A nonlinear matrix eigenvalue problem (NMEP) \(T(\lambda)x=0\) is transformed without loss of generality into a standard form \(\lambda B(\lambda)x=x\) (\(T\) and \(B\) analytic in \(\Omega\subset\mathbb{C}\)). This is then transformed into a linear operator eigenvalue problem (LOEP) of the form \(\lambda\mathcal{B}\varphi=\varphi\) (\(\varphi\in C_\infty(\mathbb{R},\mathbb{C}^n)\)). The eigenvalues of \(\mathcal{B}\) in LOEP are the reciprocals of the eigenvalues of \(B\) in the NMEP and the eigenfunction \(\varphi\) in LOEP is related to the NMEP eigenvector \(x\) by \(\varphi(\theta)=xe^{\lambda \theta}\). The classical Arnoldi method is translated in the operator terminology, hence keeping all its nice properties.
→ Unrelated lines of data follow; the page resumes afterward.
Lemma has_descents_map_nth J s w : sorted ltn s -> all (fun i => i < size s) w ->
  has_descents J (map (nth 0 s) w) = has_descents J w.
Proof.
by move=> s_sorted /allP w_lt; apply: has_descents_map => i j /w_lt ? /w_lt ?; apply: nth_sorted_ltn.
Qed.

Lemma perm_map_nth (s w : seq nat) : perm_eq w (iota 0 (size s)) -> perm_eq (map (nth 0 s) w) s.
Proof.
by move/(perm_map (nth 0 s)); rewrite map_nth_iota0 // take_size.
Qed.

Lemma map_nth_inj (s w w' : seq nat) :
  uniq s -> all (fun i => i < size s) w -> all (fun i => i < size s) w' ->
  map (nth 0 s) w = map (nth 0 s) w' -> w = w'.
Proof.
move=> s_uniq w_lt w'_lt; apply: (inj_in_map (A := [pred i | i < size s])) => //.
by move=> i j lt_is lt_js /eqP; rewrite nth_uniq // => /eqP.
Qed.

Lemma perm_word_lt n (s : 'S_n) k : n <= k -> all (fun i => i < k) (perm_word s).
Proof. by move=> le_nk; apply/allP => i; rewrite mem_perm_word => /leq_trans; apply. Qed.

Definition shuffle_word n m (A : {set 'I_n}) (s : 'S_m) (t : 'S_(n - m)) : seq nat :=
  map (nth 0 (ord_seq A)) (perm_word s) ++ map (nth 0 (ord_seq (~: A))) (perm_word t).

Section Shuffle.

Variables n m : nat.
Implicit Types (A : {set 'I_n}) (s : 'S_m) (t : 'S_(n - m)).

Lemma size_ord_seq_setC A : #|A| = m -> size (ord_seq (~: A)) = n - m.
Proof. by move=> card_A; rewrite size_ord_seq cardsCs setCK card_ord card_A. Qed.

Lemma perm_shuffle_word A s t : #|A| = m -> perm_eq (shuffle_word A s t) (iota 0 n).
Proof.
move=> card_A; apply: perm_trans (perm_ord_seq_setC A).
apply: perm_cat; apply: perm_map_nth.
  by rewrite size_ord_seq card_A perm_word_iota.
by rewrite size_ord_seq_setC // perm_word_iota.
Qed.

Lemma take_shuffle_word A s t :
  take m (shuffle_word A s t) = map (nth 0 (ord_seq A)) (perm_word s).
Proof. by rewrite take_size_cat // size_map size_perm_word. Qed.

Lemma drop_shuffle_word A s t :
  drop m (shuffle_word A s t) = map (nth 0 (ord_seq (~: A))) (perm_word t).
Proof. by rewrite drop_size_cat // size_map size_perm_word. Qed.

Lemma shuffle_word_inj A A' s s' t t' : #|A| = m -> #|A'| = m ->
  shuffle_word A s t = shuffle_word A' s' t' -> [/\ A = A', s = s' & t = t'].
Proof.
move=> card_A card_A' eq_w.
have eq_take := congr1 (take m) eq_w; rewrite !take_shuffle_word in eq_take.
have perm_take (B : {set 'I_n}) (u : 'S_m) : #|B| = m -> perm_eq (map (nth 0 (ord_seq B)) (perm_word u)) (ord_seq B).
  by move=> card_B; apply: perm_map_nth; rewrite size_ord_seq card_B perm_word_iota.
have eq_A : A = A'.
  apply/setP => i; rewrite -!mem_ord_seq -(perm_mem (perm_take A s card_A)).
  by rewrite eq_take (perm_mem (perm_take A' s' card_A')).
subst A'; have eq_drop := congr1 (drop m) eq_w; rewrite !drop_shuffle_word in eq_drop.
split=> //; apply: perm_word_inj.
  by apply: (map_nth_inj (ord_seq_uniq A)) eq_take; rewrite size_ord_seq card_A perm_word_lt.
apply: (map_nth_inj (ord_seq_uniq (~: A))) eq_drop;
  by rewrite size_ord_seq_setC // perm_word_lt.
Qed.

End Shuffle.

Lemma card_shuffle_dom n m : m <= n ->
  #|[set x : 'S_m * {set 'I_n} * 'S_(n - m) | #|x.1.2| == m]| = n`!.
Proof.
move=> le_mn.
rewrite (_ : [set x | _] = setX (setX setT [set A : {set 'I_n} | #|A| == m]) setT).
  rewrite !cardsX !cardsT !card_Sn card_draws card_ord -(bin_fact le_mn).
  by rewrite mulnAC mulnC.
by apply/setP => -[[s A] t]; rewrite !inE andbT.
Qed.

Lemma card_perm_shuffle n m (C : pred (seq nat)) : m <= n ->
  #|[pred u : 'S_n | C (perm_word u)]| =
  #|[set x : 'S_m * {set 'I_n} * 'S_(n - m) | (#|x.1.2| == m) && C (shuffle_word x.1.2 x.1.1 x.2)]|.
Proof.
move=> le_mn.
pose Phi (x : 'S_m * {set 'I_n} * 'S_(n - m)) := perm_of_word n (shuffle_word x.1.2 x.1.1 x.2).
have PhiE (x : 'S_m * {set 'I_n} * 'S_(n - m)) : #|x.1.2| = m -> perm_word (Phi x) = shuffle_word x.1.2 x.1.1 x.2.
  by move=> card_A; apply/perm_of_wordK/perm_shuffle_word.
have Phi_inj (x y : 'S_m * {set 'I_n} * 'S_(n - m)) : #|x.1.2| = m -> #|y.1.2| = m -> Phi x = Phi y -> x = y.
  move: x y => [[s A] t] [[s' A'] t'] /= card_A card_A' /(congr1 (@perm_word n)).
  by rewrite !PhiE //= => /shuffle_word_inj[] // -> -> ->.
have Phi_onto u : exists2 x : 'S_m * {set 'I_n} * 'S_(n - m), #|x.1.2| = m & u = Phi x.
  have : u \in Phi @: [set x : 'S_m * {set 'I_n} * 'S_(n - m) | #|x.1.2| == m].
    have /eqP -> : Phi @: [set x : 'S_m * {set 'I_n} * 'S_(n - m) | #|x.1.2| == m] == setT.
      rewrite eqEcard subsetT cardsT card_Sn card_in_imset ?card_shuffle_dom ?leqnn //.
      by move=> x y; rewrite !inE => /eqP card_x /eqP card_y; apply: Phi_inj.
    by rewrite inE.
  by case/imsetP => x; rewrite inE => /eqP card_x eq_u; exists x.
rewrite -(card_in_imset (f := Phi)) => [|x y]; last first.
  by rewrite !inE => /andP[/eqP card_x _] /andP[/eqP card_y _]; apply: Phi_inj.
apply: eq_card => u; rewrite inE /=; apply/idP/imsetP => [C_u | [x] ].
  have [x card_x eq_u] := Phi_onto u.
  by exists x; rewrite // inE card_x eqxx -PhiE // -eq_u.
by rewrite inE => /andP[/eqP card_x C_x] ->; rewrite PhiE.
Qed.

(* A shuffle has the descents of [s] in its first [m] positions and those of [t] after them. *)
Lemma card_descents_prefix J m n : m <= n ->
  #|[pred u : 'S_n | has_descents J (take m (perm_word u))
                     && has_descents [::] (drop m (perm_word u))]| = 'C(n, m) * dcount J m.
Proof.
move=> le_mn.
rewrite (card_perm_shuffle (fun w => has_descents J (take m w) && has_descents [::] (drop m w))
                            le_mn).
rewrite (_ : [set x | _] =
   setX (setX [set s : 'S_m | has_descents J (perm_word s)] [set A : {set 'I_n} | #|A| == m])
        [set t : 'S_(n - m) | has_descents [::] (perm_word t)]); last first.
  apply/setP => -[[s A] t]; rewrite !inE /=.
  case: (boolP (#|A| == m)) => /= [/eqP card_A | _]; last by rewrite andbF.
  rewrite andbT take_shuffle_word drop_shuffle_word.
  by rewrite !has_descents_map_nth ?ord_seq_sorted ?(size_ord_seq_setC card_A) ?size_ord_seq
    ?card_A ?perm_word_lt.
rewrite !cardsX card_draws card_ord mulnC.
have -> : #|[set t : 'S_(n - m) | has_descents [::] (perm_word t)]| = 1.
  by rewrite -(dcount_nil (n - m)) dcountE; apply: eq_card => t; rewrite inE.
by rewrite mul1n mulnC dcountE; congr (_ * _); apply: eq_card => s; rewrite inE.
Qed.

Lemma dcount_add_cons J m n : m <= n -> all (fun j => 0 < j < m) J ->
  dcount J n + dcount (m :: J) n = 'C(n, m) * dcount J m.
Proof. by move=> le_mn J_lt; rewrite dcount_add_cons_prefix // card_descents_prefix. Qed.

Lemma leq_maxI I i : i \in I -> i <= maxI I.
Proof. by move=> i_in; rewrite /maxI (leq_bigmax_seq (F := id)). Qed.

Lemma maxI_leq I k : {in I, forall i, i <= k} -> maxI I <= k.
Proof. by move=> le_Ik; apply/bigmax_leqP_seq => i i_in _; apply: le_Ik. Qed.

Lemma maxI_lt m J : 0 < m -> {in J, forall j, j < m} -> maxI J < m.
Proof.
move=> m_gt0 J_lt; rewrite -(prednK m_gt0) ltnS; apply: maxI_leq => j /J_lt lt_jm.
by rewrite -ltnS prednK.
Qed.

Lemma maxI_eq_mem I I' : I =i I' -> maxI I = maxI I'.
Proof.
move=> eq_I; apply/eqP; rewrite eqn_leq !maxI_leq // => i i_in; apply: leq_maxI;
  by move: i_in; rewrite eq_I.
Qed.

Lemma maxI_mem I : I != [::] -> maxI I \in I.
Proof.
elim: I => [// | a I IH] _; rewrite /maxI big_cons -/(maxI I) inE.
case: (eqVneq I [::]) => [-> | I_nil]; first by rewrite /maxI big_nil maxn0 eqxx.
by case: (leqP (maxI I) a) => _; rewrite ?eqxx ?IH ?orbT.
Qed.

Lemma maxI_cons m J : all (fun j => j < m) J -> maxI (m :: J) = m.
Proof.
by move=> /allP J_lt; rewrite /maxI big_cons; apply/maxn_idPl/maxI_leq => j /J_lt/ltnW.
Qed.

Local Open Scope ring_scope.

Definition binom_poly (R : numFieldType) (m : nat) : {poly R} :=
  (m`!%:R)^-1 *: \prod_(i < m) ('X - i%:R%:P).

Lemma horner_binom_poly_nat (R : numFieldType) m n :
  (m <= n)%N -> (binom_poly R m).[n%:R] = 'C(n, m)%:R.
Proof.
move=> le_mn; rewrite hornerZ horner_prod; under eq_bigr do rewrite hornerXsubC.
have prodE k : (k <= n)%N -> \prod_(i < k) (n%:R - i%:R) = (n ^_ k)%:R :> R.
  elim: k => [|k IH] lt_kn; first by rewrite big_ord0 ffactn0.
  by rewrite big_ord_recr /= IH ?ffactnSr ?natrM ?natrB ?(ltnW lt_kn).
by rewrite prodE // -bin_ffact natrM mulrC mulfK // pnatr_eq0 -lt0n fact_gt0.
Qed.

Lemma horner_binom_poly_Nm1 (R : numFieldType) m : (binom_poly R m).[-1] = (-1) ^+ m.
Proof.
rewrite hornerZ horner_prod; under eq_bigr do rewrite hornerXsubC.
have -> : \prod_(i < m) (-1 - i%:R) = (-1) ^+ m * m`!%:R :> R.
  elim: m => [|m IH]; first by rewrite big_ord0 expr0 mul1r.
  by rewrite big_ord_recr /= IH factS natrM exprS -[m.+1]addn1 natrD; ring.
by rewrite mulrC mulfK // pnatr_eq0 -lt0n fact_gt0.
Qed.

Lemma poly_eq_nat (R : numDomainType) (p q : {poly R}) k :
  (forall n, (k < n)%N -> p.[n%:R] = q.[n%:R]) -> p = q.
Proof.
move=> eq_pq; apply/eqP; rewrite -subr_eq0; apply/negPn/negP => pq_neq0.
pose rs := [seq (k.+1 + i)%N%:R : R | i <- iota 0 (size (p - q))].
have rs_roots : all (root (p - q)) rs.
  apply/allP => _ /mapP[i _ ->].
  by rewrite /root hornerD hornerN eq_pq ?subrr // ltnS leq_addr.
have rs_uniq : uniq rs.
  by rewrite map_inj_uniq ?iota_uniq // => i j /eqP; rewrite eqr_nat => /eqP/addnI.
by have := max_poly_roots pq_neq0 rs_roots rs_uniq; rewrite size_map size_iota ltnn.
Qed.

Lemma sign_sub_bounds (R : realFieldType) k (d c : R) :
  0 <= d -> 0 <= c -> (~~ odd k -> c <= d) -> 0 <= d - (-1) ^+ k * c <= d + c.
Proof.
move=> d_ge0 c_ge0 c_le_d; rewrite -signr_odd.
by case: (odd k) c_le_d => [_ | /(_ isT) c_le_d]; rewrite ?expr1 ?expr0 /=; apply/andP; split; lra.
Qed.

Definition descent_poly_bounds (I : seq nat) : Prop :=
  exists2 p : {poly rat}, forall n, (maxI I < n)%N -> p.[n%:R] = (dcount I n)%:R &
    0 <= (-1) ^+ maxI I * p.[-1] /\
    forall n, ((maxI I).+2 <= n)%N -> (-1) ^+ maxI I * p.[-1] <= (dcount I n)%:R.

Lemma descent_poly_bounds_nil : descent_poly_bounds [::].
Proof.
rewrite /descent_poly_bounds (_ : maxI [::] = 0%N) ?expr0 ?mul1r; last by rewrite /maxI big_nil.
by exists 1 => [n _ | ]; rewrite hornerC ?dcount_nil //; split=> // n _; rewrite dcount_nil.
Qed.
Lemma totally_Lindelof_Alster : regular_space T -> totally_Lindelof T -> Alster_space T.
Proof.
move=> reg TL G [GG GK]; apply: contrapT => nC.
have [H [fH eH tH sH]] :=
  TL _ (countable_complements_filter_base nC) (@countable_complements_stable G).
have [Gd GdG adGd] := GK _ (total_compact_ad reg fH tH).
have [B HB BGd] := total_stable_G_delta_member fH tH sH (GG _ GdG) adGd.
have HC : H (~` Gd) by apply: eH; exists [set Gd]; rewrite bigcup_set1; split => // _ ->.
have [x [Bx nGdx]] := filter_base_member_nonempty fH (fH.2.2 _ _ HB HC).
exact/nGdx/BGd.
Qed.

End TotallyLindelofAlster.

Section AlsterTotallyLindelof.
Variable T : topologicalType.

Definition G_delta_over (K : set T) : set (set T) := [set G | G_delta G /\ K `<=` G].

Lemma G_delta_over_setT (K : set T) : G_delta_over K setT.
Proof. by split=> //; exact/G_delta_open/openT. Qed.

Lemma G_delta_overI (K : set T) P Q :
  G_delta_over K P -> G_delta_over K Q -> G_delta_over K (P `&` Q).
Proof.
by move=> [GP KP] [GQ KQ]; split; [exact: G_deltaI | move=> x Kx; split; auto].
Qed.

Lemma G_delta_over_bigcap (K : set T) S : countable S -> S `<=` G_delta_over K ->
  G_delta_over K (\bigcap_(P in S) P).
Proof.
move=> cS SK; split; first by apply: G_delta_bigcap => // P /SK[].
by move=> x Kx P /SK[_]; exact.
Qed.
(* Let $P=\{(x,y,z)\in\mathbb{R}^3: z=\tfrac12xy\}$. Then $(P,d_{\mathbb{H}})$ bi-Lipschitz embeds in $\mathbb{R}^{19}$.
   Context: For $p=(x,y,z)$, $q=(x',y',z')$, $d_{\mathbb{H}}(p,q)=|x-x'|+|y-y'|+|z-z'+\tfrac12(xy'-x'y)|^{1/2}$. $(A,d_{\mathbb{H}})$ bi-Lipschitz embeds in $\mathbb{R}^{N}$ if there are $L\ge1$ and $f:A\to\mathbb{R}^N$ with $L^{-1}d_{\mathbb{H}}(a,b)\le|f(a)-f(b)|\le Ld_{\mathbb{H}}(a,b)$ for all $a,b\in A$. *)

From Stdlib Require Import Reals.
Open Scope R_scope.

(* Points of the Heisenberg group in exponential coordinates (x,y,z). *)
Definition H3 := (R * R * R)%type.

Definition dH (p q : H3) : R :=
  let '(x, y, z) := p in
  let '(x', y', z') := q in
  Rabs (x - x') + Rabs (y - y') + sqrt (Rabs (z - z' + / 2 * (x * y' - x' * y))).

(* Euclidean space R^N: vectors are functions nat -> R, only the
   coordinates 0..N-1 matter. *)
Fixpoint sqsum (N : nat) (u : nat -> R) : R :=
  match N with
  | O => 0
  | S n => sqsum n u + u n ^ 2
  end.

Definition euclid_dist (N : nat) (u v : nat -> R) : R :=
  sqrt (sqsum N (fun i => u i - v i)).

Definition biLipschitz_embeds (A : H3 -> Prop) (N : nat) : Prop :=
  exists (L : R) (f : H3 -> (nat -> R)),
    1 <= L /\
    forall a b : H3, A a -> A b ->
      / L * dH a b <= euclid_dist N (f a) (f b) /\
      euclid_dist N (f a) (f b) <= L * dH a b.

Definition planeP (p : H3) : Prop :=
  let '(x, y, z) := p in z = / 2 * (x * y).

(* On the plane, parametrised by (x, y) and with |y'| <= |y|, d_H is comparable to
   |x - x'| + |y - y'| + sqrt (|x - x'| |y|).  The first two terms are the coordinates x and y.
   For the third, take for each residue r mod 8 the complex series
   sum_(k = r mod 8) a_k(y) exp (i 4^k x) as two real coordinates, where a_k(y) ~ sqrt |y| 2^-k
   is switched on only once 2^-k < sqrt |y|.  When 4^k |x - x'| lies in [1, 4], the k-th term moves
   by about sqrt (|y| |x - x'|), since the chord it spans on the circle is long.  The other scales of
   the same residue are eight octaves away and move geometrically less: finer ones because their
   amplitude is small, coarser ones because exp is Lipschitz.  Summing gives the upper bound;
   isolating the dominant scale gives the lower bound whenever sqrt (|x - x'| |y|) dominates
   |x - x'| + |y - y'|, and otherwise the coordinates x and y suffice.  Both bounds hold for the
   symmetric partial sums and pass to their pointwise limit. *)

From Stdlib Require Import Reals Lra Lia Psatz ZArith.
From Coquelicot Require Import Coquelicot.
Open Scope R_scope.

Lemma Rpower2_pos t : 0 < Rpower 2 t.
Proof. apply exp_pos. Qed.

Lemma Rpower2_le a b : a <= b -> Rpower 2 a <= Rpower 2 b.
Proof. apply Rle_Rpower; lra. Qed.

Lemma Rpower2_opp_mul t : Rpower 2 (- t) * Rpower 2 t = 1.
Proof. rewrite Rpower_Ropp. field. apply Rgt_not_eq, Rpower2_pos. Qed.

Lemma Rpower2_double t : Rpower 2 (2 * t) = Rpower 2 t ^ 2.
Proof. replace (2 * t) with (t + t) by ring. rewrite Rpower_plus. ring. Qed.

Lemma Rpower2_opp_nat n : Rpower 2 (- INR n) = (/ 2) ^ n.
Proof. rewrite Rpower_Ropp, Rpower_pow, pow_inv by lra. reflexivity. Qed.

Lemma Rpower2_double_mul t h : 0 <= h -> Rpower 2 (2 * t) * h = (Rpower 2 t * sqrt h) ^ 2.
Proof. intros Hh. rewrite Rpower2_double, Rpow_mult_distr, pow2_sqrt by exact Hh. reflexivity. Qed.

Lemma Rpower2_opp_le_sqrt t h :
  0 <= h -> 1 <= Rpower 2 t * sqrt h -> Rpower 2 (- t) <= sqrt h.
Proof.
  intros Hh H. pose proof (Rpower2_opp_mul t). pose proof (Rpower2_pos (- t)). nra.
Qed.

Lemma exists_Rpower2_window s c : 0 < s -> 0 < c ->
  exists n : Z, 1 <= Rpower 2 (IZR n * c) * s < Rpower 2 c.
Proof.
  intros Hs Hc.
  set (t := ln s / (c * ln 2)).
  assert (Hln2 : 0 < ln 2) by (rewrite <- ln_1; apply ln_increasing; lra).
  assert (Hst : s = Rpower 2 (t * c)).
  { unfold Rpower, t. replace (ln s / (c * ln 2) * c * ln 2) with (ln s) by (field; lra).
    rewrite exp_ln; auto. }
  destruct (base_Int_part t) as [Hlo Hhi].
  exists (- Int_part t)%Z.
  rewrite Hst, <- Rpower_plus, opp_IZR.
  set (f := - IZR (Int_part t) * c + t * c).
  assert (0 <= f < c) by (unfold f; split; nra).
  rewrite <- (Rpower_O 2) at 1 by lra. split.
  - apply Rpower2_le. lra.
  - apply Rpower_lt; lra.
Qed.

Lemma Rpower2_8 : Rpower 2 8 = 256.
Proof. replace 8 with (INR 8) by (simpl; ring). rewrite Rpower_pow by lra. ring. Qed.

Lemma Rpower2_decay_le d : Rpower 2 (- 8 * Rabs (IZR d)) <= Rpower 2 (- Rabs (IZR d)).
Proof. apply Rpower2_le. pose proof (Rabs_pos (IZR d)). lra. Qed.

Lemma Rpower2_decay_le_off d : d <> 0%Z ->
  Rpower 2 (- 8 * Rabs (IZR d)) <= / 128 * Rpower 2 (- Rabs (IZR d)).
Proof.
  intros Hd. replace (/ 128) with (Rpower 2 (- INR 7)).
  - rewrite <- Rpower_plus. apply Rpower2_le. rewrite <- abs_IZR.
    assert (1 <= IZR (Z.abs d)) by (apply IZR_le; lia). simpl. lra.
  - rewrite Rpower_Ropp, Rpower_pow by lra. simpl. field.
Qed.

Lemma Rabs_sin_le_1 a : Rabs (sin a) <= 1.
Proof. apply Rabs_le, SIN_bound. Qed.

Lemma Rabs_cos_le_1 a : Rabs (cos a) <= 1.
Proof. apply Rabs_le, COS_bound. Qed.

Lemma sin_lipschitz a b : Rabs (sin a - sin b) <= Rabs (a - b).
Proof.
  destruct (MVT_abs sin cos b a) as [c [-> _]].
  { intros; apply derivable_pt_lim_sin. }
  pose proof (Rabs_pos (a - b)). pose proof (Rabs_cos_le_1 c). nra.
Qed.

Lemma cos_lipschitz a b : Rabs (cos a - cos b) <= Rabs (a - b).
Proof.
  destruct (MVT_abs cos (fun t => - sin t) b a) as [c [-> _]].
  { intros; apply derivable_pt_lim_cos. }
  rewrite Rabs_Ropp. pose proof (Rabs_pos (a - b)). pose proof (Rabs_sin_le_1 c). nra.
Qed.

Lemma cos_le_3_5 t : 1 <= Rabs t <= 4 -> cos t <= 3 / 5.
Proof.
  intros Ht.
  assert (Habs : cos t = cos (Rabs t)).
  { unfold Rabs; destruct Rcase_abs; [rewrite cos_neg|]; reflexivity. }
  rewrite Habs. pose proof PI2_3_2. pose proof PI_4.
  destruct (Rle_lt_dec (PI / 2) (Rabs t)).
  - pose proof (cos_le_0 (Rabs t)). lra.
  - assert (Hcos1 : cos 1 <= cos_approx 1 (2 * (0 + 1))) by (apply cos_bound; lra).
    assert (cos (Rabs t) <= cos 1) by (apply cos_decr_1; lra).
    unfold cos_approx, cos_term in Hcos1. simpl in Hcos1. lra.
Qed.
Because of the definition of \(\mathcal{B}\), starting the Krylov sequence with a constant results in a sequence of (vector) polynomials. Defining an appropriate inner product allows for an efficient implementation. The generated polynomials can be expressed as a linear combination of either monomials or Chebyshev polynomials. Both of these are discussed and presented in algorithmic form and applied to numerical examples like a delay eigenvalue problem with quadratic term or an eigenvalue problem involving square roots.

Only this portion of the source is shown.